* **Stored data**
*** Block opens ***

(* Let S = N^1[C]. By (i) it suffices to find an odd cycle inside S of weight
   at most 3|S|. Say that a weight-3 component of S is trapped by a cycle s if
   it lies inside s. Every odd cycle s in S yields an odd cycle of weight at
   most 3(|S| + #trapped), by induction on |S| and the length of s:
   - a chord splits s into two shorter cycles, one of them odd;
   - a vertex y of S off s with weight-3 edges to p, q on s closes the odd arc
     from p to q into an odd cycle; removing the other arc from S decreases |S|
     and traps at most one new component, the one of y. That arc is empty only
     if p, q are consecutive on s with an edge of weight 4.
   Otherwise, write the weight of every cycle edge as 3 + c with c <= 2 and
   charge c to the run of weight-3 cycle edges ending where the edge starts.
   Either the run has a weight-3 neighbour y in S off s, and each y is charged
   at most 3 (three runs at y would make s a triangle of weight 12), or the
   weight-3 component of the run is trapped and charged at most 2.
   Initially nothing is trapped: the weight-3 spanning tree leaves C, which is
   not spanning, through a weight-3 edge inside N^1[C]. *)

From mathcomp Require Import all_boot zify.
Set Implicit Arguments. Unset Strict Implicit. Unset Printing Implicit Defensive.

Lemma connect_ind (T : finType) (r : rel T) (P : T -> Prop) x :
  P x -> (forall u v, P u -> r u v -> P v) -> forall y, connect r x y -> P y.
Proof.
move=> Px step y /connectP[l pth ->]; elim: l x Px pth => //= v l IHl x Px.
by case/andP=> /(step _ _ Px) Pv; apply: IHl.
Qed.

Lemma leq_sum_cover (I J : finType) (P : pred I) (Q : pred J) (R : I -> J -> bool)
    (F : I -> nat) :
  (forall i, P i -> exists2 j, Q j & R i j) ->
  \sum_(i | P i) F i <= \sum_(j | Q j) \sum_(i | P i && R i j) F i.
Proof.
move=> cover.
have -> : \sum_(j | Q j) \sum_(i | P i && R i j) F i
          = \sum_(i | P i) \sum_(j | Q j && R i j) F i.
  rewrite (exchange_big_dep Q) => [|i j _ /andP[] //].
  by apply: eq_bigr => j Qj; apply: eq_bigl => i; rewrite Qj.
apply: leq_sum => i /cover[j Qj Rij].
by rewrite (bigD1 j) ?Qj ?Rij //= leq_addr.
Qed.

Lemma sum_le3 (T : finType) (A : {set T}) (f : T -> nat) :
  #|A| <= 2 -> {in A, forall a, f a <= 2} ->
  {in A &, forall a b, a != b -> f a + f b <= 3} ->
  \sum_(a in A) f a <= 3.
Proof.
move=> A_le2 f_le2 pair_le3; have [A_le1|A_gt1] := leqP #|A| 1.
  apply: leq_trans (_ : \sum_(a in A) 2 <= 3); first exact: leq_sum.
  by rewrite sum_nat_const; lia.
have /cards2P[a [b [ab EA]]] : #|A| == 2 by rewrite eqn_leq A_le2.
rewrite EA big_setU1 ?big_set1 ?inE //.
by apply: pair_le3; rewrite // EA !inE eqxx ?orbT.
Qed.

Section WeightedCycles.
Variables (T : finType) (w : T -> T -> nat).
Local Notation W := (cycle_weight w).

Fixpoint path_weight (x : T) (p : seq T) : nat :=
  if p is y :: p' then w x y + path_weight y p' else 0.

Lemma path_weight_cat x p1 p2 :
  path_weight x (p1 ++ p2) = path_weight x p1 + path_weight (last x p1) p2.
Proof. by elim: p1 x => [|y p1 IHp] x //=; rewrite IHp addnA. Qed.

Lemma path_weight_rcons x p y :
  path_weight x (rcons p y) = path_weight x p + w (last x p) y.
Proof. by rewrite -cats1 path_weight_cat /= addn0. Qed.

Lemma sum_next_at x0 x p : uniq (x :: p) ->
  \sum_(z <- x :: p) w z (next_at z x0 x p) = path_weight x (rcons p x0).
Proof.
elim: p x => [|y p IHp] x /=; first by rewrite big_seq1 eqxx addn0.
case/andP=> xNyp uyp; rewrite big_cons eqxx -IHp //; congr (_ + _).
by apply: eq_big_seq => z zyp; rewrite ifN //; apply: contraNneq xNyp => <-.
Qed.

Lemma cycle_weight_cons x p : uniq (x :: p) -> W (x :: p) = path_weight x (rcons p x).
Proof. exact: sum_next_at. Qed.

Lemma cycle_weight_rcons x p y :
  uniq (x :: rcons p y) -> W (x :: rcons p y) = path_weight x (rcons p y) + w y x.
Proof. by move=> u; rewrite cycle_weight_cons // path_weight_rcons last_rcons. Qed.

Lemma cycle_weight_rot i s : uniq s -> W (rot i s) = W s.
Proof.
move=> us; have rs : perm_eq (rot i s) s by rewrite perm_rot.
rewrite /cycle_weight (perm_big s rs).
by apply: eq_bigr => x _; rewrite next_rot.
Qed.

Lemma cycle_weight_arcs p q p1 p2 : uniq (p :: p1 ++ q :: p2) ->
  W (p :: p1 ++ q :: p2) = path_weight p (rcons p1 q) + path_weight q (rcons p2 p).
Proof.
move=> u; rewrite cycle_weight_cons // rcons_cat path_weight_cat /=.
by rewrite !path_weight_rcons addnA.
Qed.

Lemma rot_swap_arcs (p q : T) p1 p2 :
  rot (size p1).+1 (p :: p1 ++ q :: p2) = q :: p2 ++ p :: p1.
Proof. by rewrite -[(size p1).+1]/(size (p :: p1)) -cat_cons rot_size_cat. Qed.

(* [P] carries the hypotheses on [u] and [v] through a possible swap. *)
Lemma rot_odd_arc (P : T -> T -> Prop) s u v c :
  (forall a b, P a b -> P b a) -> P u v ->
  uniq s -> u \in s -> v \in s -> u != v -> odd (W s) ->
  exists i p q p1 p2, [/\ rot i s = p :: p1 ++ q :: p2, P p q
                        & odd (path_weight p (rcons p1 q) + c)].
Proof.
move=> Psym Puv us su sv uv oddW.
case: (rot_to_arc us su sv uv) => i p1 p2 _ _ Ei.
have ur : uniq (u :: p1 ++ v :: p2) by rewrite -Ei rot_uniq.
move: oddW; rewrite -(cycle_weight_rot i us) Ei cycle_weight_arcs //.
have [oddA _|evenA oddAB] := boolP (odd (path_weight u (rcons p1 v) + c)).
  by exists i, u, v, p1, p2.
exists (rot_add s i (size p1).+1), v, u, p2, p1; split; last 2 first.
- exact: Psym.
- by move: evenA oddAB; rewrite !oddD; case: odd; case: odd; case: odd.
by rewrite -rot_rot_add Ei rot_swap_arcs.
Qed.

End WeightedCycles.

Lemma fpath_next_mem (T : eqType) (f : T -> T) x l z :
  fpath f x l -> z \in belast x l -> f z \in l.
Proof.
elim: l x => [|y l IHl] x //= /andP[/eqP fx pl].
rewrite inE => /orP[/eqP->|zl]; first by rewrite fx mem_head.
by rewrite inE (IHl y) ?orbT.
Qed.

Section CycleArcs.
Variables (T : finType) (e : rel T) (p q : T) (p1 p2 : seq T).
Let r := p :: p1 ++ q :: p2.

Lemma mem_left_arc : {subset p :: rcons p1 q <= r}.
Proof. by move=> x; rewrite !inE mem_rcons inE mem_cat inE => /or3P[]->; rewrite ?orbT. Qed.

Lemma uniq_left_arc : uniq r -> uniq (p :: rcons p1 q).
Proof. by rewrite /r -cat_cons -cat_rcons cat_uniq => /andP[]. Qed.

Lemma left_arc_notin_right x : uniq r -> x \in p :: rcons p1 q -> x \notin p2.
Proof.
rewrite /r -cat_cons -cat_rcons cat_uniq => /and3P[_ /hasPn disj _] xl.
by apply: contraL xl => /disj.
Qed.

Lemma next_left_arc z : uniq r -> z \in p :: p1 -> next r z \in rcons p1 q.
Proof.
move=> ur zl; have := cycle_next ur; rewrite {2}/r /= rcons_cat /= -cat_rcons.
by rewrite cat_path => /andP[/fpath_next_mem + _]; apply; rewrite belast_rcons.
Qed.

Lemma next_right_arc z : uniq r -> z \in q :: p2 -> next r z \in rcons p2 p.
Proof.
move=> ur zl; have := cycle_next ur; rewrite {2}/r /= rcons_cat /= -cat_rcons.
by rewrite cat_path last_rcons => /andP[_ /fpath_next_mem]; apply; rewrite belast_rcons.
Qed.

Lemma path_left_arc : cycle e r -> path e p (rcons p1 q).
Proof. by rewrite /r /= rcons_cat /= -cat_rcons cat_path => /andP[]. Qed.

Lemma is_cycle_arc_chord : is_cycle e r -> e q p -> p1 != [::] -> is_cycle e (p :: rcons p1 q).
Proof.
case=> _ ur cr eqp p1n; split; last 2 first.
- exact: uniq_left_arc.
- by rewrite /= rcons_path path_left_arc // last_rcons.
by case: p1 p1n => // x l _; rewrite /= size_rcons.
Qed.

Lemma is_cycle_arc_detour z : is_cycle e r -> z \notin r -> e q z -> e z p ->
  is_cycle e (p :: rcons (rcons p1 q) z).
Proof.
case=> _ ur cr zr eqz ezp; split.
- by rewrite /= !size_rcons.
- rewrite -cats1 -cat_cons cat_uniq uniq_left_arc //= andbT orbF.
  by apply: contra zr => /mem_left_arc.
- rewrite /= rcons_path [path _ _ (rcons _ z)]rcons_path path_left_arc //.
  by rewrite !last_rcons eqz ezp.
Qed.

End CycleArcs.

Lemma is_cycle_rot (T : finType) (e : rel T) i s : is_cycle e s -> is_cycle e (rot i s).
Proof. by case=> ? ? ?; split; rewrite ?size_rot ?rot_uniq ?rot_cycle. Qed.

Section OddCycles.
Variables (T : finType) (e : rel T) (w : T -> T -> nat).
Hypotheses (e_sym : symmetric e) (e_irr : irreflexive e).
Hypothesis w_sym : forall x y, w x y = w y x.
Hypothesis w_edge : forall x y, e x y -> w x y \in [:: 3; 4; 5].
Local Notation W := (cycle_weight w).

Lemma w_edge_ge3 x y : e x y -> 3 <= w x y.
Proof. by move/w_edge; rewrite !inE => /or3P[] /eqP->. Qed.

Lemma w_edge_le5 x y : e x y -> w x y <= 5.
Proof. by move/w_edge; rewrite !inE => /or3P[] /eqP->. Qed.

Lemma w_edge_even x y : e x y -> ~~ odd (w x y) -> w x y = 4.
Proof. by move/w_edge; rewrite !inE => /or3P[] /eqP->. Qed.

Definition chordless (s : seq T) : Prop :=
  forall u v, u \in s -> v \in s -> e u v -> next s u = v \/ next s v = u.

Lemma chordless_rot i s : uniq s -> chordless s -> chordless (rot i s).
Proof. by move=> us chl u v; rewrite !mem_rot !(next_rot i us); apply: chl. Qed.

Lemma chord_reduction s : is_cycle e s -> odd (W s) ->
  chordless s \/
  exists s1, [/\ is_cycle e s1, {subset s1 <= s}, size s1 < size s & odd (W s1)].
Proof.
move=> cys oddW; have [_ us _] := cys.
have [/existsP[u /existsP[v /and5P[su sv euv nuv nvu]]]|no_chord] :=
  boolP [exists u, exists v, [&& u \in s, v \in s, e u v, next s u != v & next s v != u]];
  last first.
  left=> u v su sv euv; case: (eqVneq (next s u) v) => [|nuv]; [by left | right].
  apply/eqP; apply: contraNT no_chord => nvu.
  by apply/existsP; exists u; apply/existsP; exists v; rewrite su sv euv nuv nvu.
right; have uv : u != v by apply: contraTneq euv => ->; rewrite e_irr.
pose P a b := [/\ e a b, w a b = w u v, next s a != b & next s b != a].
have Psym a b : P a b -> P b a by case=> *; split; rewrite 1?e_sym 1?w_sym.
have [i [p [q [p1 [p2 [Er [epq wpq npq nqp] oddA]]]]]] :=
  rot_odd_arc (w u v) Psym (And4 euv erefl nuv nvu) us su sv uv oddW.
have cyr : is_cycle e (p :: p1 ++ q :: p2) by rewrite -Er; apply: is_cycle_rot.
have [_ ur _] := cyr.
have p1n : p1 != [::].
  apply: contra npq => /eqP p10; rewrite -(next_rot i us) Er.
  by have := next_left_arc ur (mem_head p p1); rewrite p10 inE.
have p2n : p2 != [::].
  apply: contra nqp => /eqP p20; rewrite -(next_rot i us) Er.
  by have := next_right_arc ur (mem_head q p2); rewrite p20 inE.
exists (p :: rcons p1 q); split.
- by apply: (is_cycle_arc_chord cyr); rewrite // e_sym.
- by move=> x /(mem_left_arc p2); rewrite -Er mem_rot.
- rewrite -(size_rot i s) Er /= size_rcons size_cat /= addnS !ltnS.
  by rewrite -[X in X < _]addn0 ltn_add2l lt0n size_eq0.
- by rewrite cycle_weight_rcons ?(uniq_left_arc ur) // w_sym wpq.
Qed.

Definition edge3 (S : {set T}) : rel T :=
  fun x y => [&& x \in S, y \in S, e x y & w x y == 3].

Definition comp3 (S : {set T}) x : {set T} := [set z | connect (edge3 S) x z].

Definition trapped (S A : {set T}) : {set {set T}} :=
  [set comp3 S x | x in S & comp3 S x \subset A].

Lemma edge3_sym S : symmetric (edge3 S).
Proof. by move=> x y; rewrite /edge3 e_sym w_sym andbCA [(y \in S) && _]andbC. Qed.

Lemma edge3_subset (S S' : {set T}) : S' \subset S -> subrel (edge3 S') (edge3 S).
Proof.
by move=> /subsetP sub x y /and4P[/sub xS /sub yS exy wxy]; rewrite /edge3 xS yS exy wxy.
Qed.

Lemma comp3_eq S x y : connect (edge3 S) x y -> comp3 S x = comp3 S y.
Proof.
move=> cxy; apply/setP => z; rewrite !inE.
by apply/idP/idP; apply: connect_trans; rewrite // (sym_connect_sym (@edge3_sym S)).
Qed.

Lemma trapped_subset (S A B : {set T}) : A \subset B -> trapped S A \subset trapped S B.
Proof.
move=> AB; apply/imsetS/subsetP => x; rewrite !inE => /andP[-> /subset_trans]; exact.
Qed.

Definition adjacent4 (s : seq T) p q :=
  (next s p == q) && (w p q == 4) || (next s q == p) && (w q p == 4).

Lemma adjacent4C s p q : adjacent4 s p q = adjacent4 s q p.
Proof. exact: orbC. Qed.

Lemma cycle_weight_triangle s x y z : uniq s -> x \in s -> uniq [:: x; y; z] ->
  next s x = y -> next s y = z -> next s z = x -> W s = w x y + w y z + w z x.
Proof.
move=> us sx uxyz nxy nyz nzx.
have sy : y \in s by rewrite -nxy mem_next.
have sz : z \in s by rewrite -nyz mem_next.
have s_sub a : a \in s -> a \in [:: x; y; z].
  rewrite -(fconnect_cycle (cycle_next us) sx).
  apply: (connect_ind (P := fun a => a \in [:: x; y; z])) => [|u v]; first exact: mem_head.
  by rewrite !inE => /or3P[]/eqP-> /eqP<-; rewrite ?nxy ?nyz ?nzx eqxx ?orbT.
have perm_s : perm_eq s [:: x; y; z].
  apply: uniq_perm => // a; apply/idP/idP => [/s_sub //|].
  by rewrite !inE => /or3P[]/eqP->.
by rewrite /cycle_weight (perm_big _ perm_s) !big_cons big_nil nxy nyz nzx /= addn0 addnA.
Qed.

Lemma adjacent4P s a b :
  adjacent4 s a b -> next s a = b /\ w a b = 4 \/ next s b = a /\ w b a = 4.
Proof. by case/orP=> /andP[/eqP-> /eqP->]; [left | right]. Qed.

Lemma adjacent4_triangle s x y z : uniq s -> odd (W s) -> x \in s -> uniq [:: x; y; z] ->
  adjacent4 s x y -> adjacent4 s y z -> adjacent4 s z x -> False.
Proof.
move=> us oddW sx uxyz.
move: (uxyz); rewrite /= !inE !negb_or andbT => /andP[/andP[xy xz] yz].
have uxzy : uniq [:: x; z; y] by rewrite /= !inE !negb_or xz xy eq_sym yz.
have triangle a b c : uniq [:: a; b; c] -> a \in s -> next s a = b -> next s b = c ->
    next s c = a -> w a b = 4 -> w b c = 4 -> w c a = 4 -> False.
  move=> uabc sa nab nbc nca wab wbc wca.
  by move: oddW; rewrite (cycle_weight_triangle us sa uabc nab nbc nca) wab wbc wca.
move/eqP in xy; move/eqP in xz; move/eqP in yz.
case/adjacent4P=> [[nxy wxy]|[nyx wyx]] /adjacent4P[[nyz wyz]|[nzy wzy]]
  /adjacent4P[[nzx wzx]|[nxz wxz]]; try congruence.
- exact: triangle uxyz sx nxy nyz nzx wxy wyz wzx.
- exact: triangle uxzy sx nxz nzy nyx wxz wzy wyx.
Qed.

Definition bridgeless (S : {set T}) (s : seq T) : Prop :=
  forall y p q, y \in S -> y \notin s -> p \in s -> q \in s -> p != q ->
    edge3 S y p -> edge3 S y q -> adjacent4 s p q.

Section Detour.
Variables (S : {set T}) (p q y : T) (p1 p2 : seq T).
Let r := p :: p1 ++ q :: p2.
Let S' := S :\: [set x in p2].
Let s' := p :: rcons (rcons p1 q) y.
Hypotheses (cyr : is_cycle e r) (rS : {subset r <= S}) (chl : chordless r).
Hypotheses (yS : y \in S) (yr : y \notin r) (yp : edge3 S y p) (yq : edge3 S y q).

*** Block closes ***

* **Task requirements**
In the data above, repeat exactly each line from the first through the line that contains "and traps at", and give nothing else.

* **Answer box**
(* Let S = N^1[C]. By (i) it suffices to find an odd cycle inside S of weight
   at most 3|S|. Say that a weight-3 component of S is trapped by a cycle s if
   it lies inside s. Every odd cycle s in S yields an odd cycle of weight at
   most 3(|S| + #trapped), by induction on |S| and the length of s:
   - a chord splits s into two shorter cycles, one of them odd;
   - a vertex y of S off s with weight-3 edges to p, q on s closes the odd arc
     from p to q into an odd cycle; removing the other arc from S decreases |S|
     and traps at most one new component, the one of y. That arc is empty only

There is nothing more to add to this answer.